WHAT YOU HAVE TO DO:
Output only these lines, set down exactly: the one containing "Open Scope R_scope." and each line after it through the end of the records.

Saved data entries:
(* Let $p(g\mid\mathbf w)=\sum_{k\in\mathcal A}\theta_kP_{(k)}(w_{-k},g)$ be an imitation kernel on a finite set $G$ with $\gcd(\mathcal A)=1$. If the $G$-stochastic function $P_{(\cdot)}$ is irreducible but its common period $\hat d$ satisfies $\hat d>1$, then $|\mathcal G(p)|>1$.
   Context: $\mathcal A\subset\mathbb N_+$, $\theta$ a probability on $\mathcal A$ with $\theta_k>0$ for $k\in\mathcal A$, $P_{(k)}$ stochastic matrices on $G$, $\mathbf w=(w_{-1},w_{-2},\dots)$. Compatibility: a law of $(X_n)_{n\in\mathbb Z}$ on $G^{\mathbb Z}$ is compatible with $p$ if $P(X_n=g\mid X_{n-1},X_{n-2},\dots)=p(g\mid X_{n-1},X_{n-2},\dots)$ a.s. for all $n,g$; $\mathcal G(p)$ is the set of compatible laws. Words $\mathcal A^*=\bigcup_{n\ge1}\mathcal A^n$, $P_{\mathbf a}=P_{(a_n)}\cdots P_{(a_1)}$, depth $s(\mathbf a)=\sum a_i$. Irreducible: for all $i,j$ some word has $P_{\mathbf a}(i,j)>0$. Period of $i$: $d_i=\gcd\{s(\mathbf a):P_{\mathbf a}(i,i)>0\}$; under irreducibility and $\gcd(\mathcal A)=1$ all $d_i$ equal a common value $\hat d$. *)

From Stdlib Require Import Reals Arith List ZArith.
Open Scope R_scope.

(** Finite state space [G] is given by an exhaustive duplicate-free list [eG]
    together with decidable equality [eqG]. *)

Definition sumL {X : Type} (f : X -> R) (l : list X) : R :=
  fold_right (fun x acc => f x + acc) 0 l.

Definition ind (b : bool) : R := if b then 1 else 0.

Fixpoint words {G : Type} (eG : list G) (M : nat) : list (list G) :=
  match M with
  | O => nil :: nil
  | S M' => flat_map (fun w => map (fun g => g :: w) eG) (words eG M')
  end.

FINAL ANSWER:
Open Scope R_scope.

(** Finite state space [G] is given by an exhaustive duplicate-free list [eG]
    together with decidable equality [eqG]. *)

Definition sumL {X : Type} (f : X -> R) (l : list X) : R :=
  fold_right (fun x acc => f x + acc) 0 l.

Definition ind (b : bool) : R := if b then 1 else 0.

Fixpoint words {G : Type} (eG : list G) (M : nat) : list (list G) :=
  match M with
  | O => nil :: nil
  | S M' => flat_map (fun w => map (fun g => g :: w) eG) (words eG M')
  end.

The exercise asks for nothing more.